▶ EXERCISE REQUIREMENTS: Quote exactly, and only, the lines of the material below from the line with "Lemma symmx_spectrum n" through the line with "have [mu [mu_eig".

=== Section Start ===

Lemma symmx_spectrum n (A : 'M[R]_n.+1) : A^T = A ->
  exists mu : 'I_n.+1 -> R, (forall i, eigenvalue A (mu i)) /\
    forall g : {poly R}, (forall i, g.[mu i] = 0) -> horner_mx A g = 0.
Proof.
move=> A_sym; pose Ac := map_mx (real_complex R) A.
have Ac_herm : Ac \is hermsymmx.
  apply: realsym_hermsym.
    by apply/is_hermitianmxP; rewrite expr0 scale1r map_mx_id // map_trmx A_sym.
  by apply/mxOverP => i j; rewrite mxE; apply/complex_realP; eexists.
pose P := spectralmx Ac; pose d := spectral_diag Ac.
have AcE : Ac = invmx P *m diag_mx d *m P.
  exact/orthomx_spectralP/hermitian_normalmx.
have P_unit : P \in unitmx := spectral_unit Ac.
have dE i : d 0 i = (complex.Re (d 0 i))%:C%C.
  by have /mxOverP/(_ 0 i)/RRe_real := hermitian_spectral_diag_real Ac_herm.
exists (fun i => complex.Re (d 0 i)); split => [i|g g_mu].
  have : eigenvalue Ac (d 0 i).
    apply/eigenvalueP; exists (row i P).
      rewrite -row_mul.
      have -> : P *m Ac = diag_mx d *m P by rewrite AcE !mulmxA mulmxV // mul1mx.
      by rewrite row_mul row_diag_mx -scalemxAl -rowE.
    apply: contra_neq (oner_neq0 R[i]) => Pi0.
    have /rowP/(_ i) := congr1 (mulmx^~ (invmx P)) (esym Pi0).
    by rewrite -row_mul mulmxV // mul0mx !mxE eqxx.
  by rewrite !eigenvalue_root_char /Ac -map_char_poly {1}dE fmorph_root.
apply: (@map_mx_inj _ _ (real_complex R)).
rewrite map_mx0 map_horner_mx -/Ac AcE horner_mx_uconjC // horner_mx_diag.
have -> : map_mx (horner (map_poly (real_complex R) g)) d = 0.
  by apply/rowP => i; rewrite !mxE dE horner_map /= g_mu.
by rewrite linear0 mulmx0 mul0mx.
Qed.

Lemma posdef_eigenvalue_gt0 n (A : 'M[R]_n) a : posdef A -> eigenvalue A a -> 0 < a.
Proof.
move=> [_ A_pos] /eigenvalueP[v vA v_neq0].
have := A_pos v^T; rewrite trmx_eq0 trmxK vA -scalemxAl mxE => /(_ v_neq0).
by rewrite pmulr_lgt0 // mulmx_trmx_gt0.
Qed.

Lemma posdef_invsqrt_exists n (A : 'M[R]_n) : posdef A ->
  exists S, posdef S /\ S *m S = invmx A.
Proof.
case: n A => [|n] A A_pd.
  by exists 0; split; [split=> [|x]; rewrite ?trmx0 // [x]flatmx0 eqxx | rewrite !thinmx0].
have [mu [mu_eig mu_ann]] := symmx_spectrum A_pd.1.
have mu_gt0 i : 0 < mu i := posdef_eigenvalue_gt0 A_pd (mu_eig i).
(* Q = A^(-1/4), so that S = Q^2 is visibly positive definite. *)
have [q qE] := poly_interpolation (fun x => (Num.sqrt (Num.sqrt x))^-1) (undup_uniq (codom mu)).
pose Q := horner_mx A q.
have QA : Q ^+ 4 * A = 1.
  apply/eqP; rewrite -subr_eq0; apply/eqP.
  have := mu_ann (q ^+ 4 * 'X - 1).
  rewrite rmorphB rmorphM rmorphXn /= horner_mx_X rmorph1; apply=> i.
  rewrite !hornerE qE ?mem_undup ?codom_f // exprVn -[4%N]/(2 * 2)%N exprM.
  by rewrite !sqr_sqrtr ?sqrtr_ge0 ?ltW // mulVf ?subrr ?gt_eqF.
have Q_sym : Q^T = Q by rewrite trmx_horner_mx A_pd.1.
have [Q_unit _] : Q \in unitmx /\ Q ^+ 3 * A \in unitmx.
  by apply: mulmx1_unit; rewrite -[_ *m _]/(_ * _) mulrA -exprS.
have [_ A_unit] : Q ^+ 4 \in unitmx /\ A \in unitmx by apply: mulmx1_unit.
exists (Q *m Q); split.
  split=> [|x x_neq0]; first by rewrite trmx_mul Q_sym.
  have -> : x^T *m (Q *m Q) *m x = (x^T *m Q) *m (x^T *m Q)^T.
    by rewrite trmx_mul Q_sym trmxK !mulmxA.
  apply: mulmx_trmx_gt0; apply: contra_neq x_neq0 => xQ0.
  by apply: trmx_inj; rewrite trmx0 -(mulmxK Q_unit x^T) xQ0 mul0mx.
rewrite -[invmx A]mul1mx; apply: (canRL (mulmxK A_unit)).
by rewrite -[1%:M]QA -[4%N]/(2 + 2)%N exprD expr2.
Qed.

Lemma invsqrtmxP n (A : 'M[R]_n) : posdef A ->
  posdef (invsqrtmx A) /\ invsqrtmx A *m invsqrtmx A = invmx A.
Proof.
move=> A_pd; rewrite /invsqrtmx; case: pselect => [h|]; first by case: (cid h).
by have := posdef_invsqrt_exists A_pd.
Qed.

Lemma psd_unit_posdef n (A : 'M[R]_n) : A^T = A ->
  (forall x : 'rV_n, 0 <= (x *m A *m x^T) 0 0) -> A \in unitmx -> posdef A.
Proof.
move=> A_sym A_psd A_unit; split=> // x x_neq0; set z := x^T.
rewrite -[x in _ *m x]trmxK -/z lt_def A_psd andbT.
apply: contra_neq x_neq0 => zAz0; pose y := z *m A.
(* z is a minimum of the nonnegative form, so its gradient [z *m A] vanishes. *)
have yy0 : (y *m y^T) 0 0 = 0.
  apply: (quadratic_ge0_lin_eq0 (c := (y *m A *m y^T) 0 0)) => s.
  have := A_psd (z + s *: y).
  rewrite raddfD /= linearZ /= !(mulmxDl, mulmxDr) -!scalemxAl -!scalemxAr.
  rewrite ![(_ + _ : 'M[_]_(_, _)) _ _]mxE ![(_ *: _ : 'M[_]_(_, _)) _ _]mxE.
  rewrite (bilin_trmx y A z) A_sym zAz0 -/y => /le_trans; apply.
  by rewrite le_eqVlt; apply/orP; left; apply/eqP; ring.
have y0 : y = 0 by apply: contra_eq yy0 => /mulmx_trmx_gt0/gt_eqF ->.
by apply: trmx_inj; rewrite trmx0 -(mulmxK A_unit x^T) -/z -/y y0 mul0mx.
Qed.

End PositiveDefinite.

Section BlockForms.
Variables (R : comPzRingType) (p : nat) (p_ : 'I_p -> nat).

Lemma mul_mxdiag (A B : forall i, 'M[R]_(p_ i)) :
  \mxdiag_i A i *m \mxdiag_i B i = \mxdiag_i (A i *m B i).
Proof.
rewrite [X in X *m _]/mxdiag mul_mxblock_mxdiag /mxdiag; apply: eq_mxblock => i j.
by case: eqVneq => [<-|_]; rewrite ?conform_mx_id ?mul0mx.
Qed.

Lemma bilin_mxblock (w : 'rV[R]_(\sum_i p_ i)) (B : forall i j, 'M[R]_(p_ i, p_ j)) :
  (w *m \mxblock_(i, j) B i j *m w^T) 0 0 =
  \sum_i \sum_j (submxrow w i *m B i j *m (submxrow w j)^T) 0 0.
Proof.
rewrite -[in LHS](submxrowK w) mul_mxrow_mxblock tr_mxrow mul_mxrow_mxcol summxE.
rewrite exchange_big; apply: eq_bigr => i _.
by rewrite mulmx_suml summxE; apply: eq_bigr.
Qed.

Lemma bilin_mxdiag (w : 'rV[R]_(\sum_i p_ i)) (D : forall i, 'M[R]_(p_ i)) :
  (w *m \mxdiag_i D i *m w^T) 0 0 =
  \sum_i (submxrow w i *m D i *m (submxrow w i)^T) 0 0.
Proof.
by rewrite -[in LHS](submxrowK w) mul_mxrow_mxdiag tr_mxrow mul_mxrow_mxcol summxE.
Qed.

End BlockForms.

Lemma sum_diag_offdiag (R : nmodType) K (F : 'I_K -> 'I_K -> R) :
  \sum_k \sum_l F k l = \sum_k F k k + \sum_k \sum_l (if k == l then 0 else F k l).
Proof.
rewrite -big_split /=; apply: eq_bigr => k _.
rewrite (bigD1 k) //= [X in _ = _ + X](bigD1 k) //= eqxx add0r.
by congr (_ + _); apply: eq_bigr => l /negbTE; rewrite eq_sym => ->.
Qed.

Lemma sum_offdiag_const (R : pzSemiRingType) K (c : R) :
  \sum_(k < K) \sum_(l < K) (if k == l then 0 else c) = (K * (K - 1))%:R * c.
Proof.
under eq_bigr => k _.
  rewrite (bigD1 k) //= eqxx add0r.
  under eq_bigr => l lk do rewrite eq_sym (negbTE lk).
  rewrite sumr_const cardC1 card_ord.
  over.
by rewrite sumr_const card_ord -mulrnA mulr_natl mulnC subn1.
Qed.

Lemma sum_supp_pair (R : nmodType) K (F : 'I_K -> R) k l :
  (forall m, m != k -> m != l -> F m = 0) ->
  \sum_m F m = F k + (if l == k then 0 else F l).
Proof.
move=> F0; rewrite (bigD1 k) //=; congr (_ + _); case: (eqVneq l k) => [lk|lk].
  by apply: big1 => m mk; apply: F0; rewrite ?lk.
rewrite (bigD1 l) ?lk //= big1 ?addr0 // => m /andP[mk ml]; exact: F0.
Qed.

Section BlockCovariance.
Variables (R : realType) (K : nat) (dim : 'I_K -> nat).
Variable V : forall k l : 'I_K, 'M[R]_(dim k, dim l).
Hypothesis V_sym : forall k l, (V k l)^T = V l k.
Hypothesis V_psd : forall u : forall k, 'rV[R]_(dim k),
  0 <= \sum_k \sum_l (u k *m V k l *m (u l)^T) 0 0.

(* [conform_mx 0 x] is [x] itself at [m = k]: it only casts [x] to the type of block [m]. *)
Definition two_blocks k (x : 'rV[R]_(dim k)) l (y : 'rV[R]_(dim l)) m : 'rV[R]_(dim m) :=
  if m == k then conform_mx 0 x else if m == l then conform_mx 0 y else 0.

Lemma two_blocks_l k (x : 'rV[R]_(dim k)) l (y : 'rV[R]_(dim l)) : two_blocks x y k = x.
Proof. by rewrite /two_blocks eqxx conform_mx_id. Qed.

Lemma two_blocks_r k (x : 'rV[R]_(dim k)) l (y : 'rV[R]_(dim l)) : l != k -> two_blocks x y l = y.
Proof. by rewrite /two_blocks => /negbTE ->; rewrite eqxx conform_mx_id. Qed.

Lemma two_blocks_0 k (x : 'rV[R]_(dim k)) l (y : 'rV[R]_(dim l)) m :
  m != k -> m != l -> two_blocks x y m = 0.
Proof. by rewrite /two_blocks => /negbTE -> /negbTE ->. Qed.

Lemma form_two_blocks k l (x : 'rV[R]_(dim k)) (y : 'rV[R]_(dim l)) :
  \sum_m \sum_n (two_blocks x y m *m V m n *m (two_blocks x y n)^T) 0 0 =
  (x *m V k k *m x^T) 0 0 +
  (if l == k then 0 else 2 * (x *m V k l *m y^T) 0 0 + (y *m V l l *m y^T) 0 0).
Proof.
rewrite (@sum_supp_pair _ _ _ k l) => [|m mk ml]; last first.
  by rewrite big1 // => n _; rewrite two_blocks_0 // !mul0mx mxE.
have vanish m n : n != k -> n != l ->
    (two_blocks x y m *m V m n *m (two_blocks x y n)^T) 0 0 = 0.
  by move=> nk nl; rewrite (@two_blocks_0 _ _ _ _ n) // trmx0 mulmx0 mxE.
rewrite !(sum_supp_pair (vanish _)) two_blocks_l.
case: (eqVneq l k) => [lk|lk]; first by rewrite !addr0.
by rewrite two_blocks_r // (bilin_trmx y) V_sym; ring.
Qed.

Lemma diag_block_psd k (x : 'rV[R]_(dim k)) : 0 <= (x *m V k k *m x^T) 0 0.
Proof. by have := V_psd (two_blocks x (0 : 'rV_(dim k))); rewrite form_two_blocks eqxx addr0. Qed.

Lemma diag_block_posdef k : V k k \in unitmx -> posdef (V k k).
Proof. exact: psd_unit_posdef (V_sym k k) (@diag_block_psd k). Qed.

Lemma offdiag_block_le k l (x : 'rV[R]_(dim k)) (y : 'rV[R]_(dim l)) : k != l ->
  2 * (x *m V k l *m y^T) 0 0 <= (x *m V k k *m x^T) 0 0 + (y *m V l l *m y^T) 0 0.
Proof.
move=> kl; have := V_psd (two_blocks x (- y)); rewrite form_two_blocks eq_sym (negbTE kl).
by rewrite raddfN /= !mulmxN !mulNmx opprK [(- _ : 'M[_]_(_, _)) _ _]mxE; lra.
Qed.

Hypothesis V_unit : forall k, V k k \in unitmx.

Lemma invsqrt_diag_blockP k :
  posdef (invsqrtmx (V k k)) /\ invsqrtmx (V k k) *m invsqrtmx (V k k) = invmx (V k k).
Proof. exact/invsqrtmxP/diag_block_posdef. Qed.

=== Section End ===
=== Section Start ===

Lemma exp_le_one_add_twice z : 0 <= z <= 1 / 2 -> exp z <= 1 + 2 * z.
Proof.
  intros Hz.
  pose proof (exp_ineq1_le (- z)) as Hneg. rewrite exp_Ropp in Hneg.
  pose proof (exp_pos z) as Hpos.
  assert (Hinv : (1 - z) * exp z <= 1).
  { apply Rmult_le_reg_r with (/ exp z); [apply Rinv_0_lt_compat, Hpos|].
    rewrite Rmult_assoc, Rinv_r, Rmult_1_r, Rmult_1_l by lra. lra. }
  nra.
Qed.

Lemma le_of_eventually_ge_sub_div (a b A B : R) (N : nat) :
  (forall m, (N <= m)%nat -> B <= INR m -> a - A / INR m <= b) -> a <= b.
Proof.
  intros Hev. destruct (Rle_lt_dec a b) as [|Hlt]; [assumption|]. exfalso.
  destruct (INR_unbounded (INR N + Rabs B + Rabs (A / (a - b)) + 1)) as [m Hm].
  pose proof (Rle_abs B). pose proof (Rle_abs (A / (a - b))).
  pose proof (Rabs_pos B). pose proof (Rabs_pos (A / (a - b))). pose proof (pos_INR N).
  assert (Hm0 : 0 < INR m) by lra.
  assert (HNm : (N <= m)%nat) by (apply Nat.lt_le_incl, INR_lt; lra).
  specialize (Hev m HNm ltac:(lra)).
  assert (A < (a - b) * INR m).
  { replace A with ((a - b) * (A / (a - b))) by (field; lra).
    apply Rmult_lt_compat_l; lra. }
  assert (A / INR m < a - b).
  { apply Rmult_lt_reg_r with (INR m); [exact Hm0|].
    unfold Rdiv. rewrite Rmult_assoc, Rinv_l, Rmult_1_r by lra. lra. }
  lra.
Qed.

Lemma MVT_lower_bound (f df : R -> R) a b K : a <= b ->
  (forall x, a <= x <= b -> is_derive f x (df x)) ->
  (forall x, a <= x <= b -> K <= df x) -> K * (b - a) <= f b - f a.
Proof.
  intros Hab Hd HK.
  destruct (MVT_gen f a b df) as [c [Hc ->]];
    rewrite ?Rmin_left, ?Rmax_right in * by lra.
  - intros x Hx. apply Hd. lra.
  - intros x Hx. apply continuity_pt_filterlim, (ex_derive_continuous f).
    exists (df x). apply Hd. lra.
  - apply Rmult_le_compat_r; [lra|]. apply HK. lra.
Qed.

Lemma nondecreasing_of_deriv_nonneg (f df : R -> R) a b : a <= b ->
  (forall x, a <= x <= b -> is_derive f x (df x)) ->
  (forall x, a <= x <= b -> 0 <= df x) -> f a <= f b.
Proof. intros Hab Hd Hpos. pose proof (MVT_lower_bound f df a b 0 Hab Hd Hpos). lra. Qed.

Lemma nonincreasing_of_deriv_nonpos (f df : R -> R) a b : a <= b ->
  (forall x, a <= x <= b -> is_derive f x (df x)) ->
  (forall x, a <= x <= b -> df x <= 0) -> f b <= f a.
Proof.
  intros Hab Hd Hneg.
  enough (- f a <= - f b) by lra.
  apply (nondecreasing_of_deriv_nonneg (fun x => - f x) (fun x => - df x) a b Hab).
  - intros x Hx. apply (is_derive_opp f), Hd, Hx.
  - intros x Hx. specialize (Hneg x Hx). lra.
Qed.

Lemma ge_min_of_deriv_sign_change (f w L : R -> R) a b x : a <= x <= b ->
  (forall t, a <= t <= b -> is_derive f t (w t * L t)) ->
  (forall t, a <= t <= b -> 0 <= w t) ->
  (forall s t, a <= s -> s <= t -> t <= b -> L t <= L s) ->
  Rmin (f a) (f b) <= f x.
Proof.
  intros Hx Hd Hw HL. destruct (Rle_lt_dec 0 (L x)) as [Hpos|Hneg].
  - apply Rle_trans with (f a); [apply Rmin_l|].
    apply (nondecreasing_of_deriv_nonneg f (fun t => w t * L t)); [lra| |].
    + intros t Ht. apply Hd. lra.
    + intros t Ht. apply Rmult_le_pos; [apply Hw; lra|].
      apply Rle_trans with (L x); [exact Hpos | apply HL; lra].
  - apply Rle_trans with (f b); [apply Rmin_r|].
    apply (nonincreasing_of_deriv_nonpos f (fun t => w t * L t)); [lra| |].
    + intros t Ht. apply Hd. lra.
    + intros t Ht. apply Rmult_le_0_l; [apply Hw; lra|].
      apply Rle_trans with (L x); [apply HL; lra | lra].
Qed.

=== Section End ===

▶ REPLY TO THE EXERCISE:
Lemma symmx_spectrum n (A : 'M[R]_n.+1) : A^T = A ->
  exists mu : 'I_n.+1 -> R, (forall i, eigenvalue A (mu i)) /\
    forall g : {poly R}, (forall i, g.[mu i] = 0) -> horner_mx A g = 0.
Proof.
move=> A_sym; pose Ac := map_mx (real_complex R) A.
have Ac_herm : Ac \is hermsymmx.
  apply: realsym_hermsym.
    by apply/is_hermitianmxP; rewrite expr0 scale1r map_mx_id // map_trmx A_sym.
  by apply/mxOverP => i j; rewrite mxE; apply/complex_realP; eexists.
pose P := spectralmx Ac; pose d := spectral_diag Ac.
have AcE : Ac = invmx P *m diag_mx d *m P.
  exact/orthomx_spectralP/hermitian_normalmx.
have P_unit : P \in unitmx := spectral_unit Ac.
have dE i : d 0 i = (complex.Re (d 0 i))%:C%C.
  by have /mxOverP/(_ 0 i)/RRe_real := hermitian_spectral_diag_real Ac_herm.
exists (fun i => complex.Re (d 0 i)); split => [i|g g_mu].
  have : eigenvalue Ac (d 0 i).
    apply/eigenvalueP; exists (row i P).
      rewrite -row_mul.
      have -> : P *m Ac = diag_mx d *m P by rewrite AcE !mulmxA mulmxV // mul1mx.
      by rewrite row_mul row_diag_mx -scalemxAl -rowE.
    apply: contra_neq (oner_neq0 R[i]) => Pi0.
    have /rowP/(_ i) := congr1 (mulmx^~ (invmx P)) (esym Pi0).
    by rewrite -row_mul mulmxV // mul0mx !mxE eqxx.
  by rewrite !eigenvalue_root_char /Ac -map_char_poly {1}dE fmorph_root.
apply: (@map_mx_inj _ _ (real_complex R)).
rewrite map_mx0 map_horner_mx -/Ac AcE horner_mx_uconjC // horner_mx_diag.
have -> : map_mx (horner (map_poly (real_complex R) g)) d = 0.
  by apply/rowP => i; rewrite !mxE dE horner_map /= g_mu.
by rewrite linear0 mulmx0 mul0mx.
Qed.

Lemma posdef_eigenvalue_gt0 n (A : 'M[R]_n) a : posdef A -> eigenvalue A a -> 0 < a.
Proof.
move=> [_ A_pos] /eigenvalueP[v vA v_neq0].
have := A_pos v^T; rewrite trmx_eq0 trmxK vA -scalemxAl mxE => /(_ v_neq0).
by rewrite pmulr_lgt0 // mulmx_trmx_gt0.
Qed.

Lemma posdef_invsqrt_exists n (A : 'M[R]_n) : posdef A ->
  exists S, posdef S /\ S *m S = invmx A.
Proof.
case: n A => [|n] A A_pd.
  by exists 0; split; [split=> [|x]; rewrite ?trmx0 // [x]flatmx0 eqxx | rewrite !thinmx0].
have [mu [mu_eig mu_ann]] := symmx_spectrum A_pd.1.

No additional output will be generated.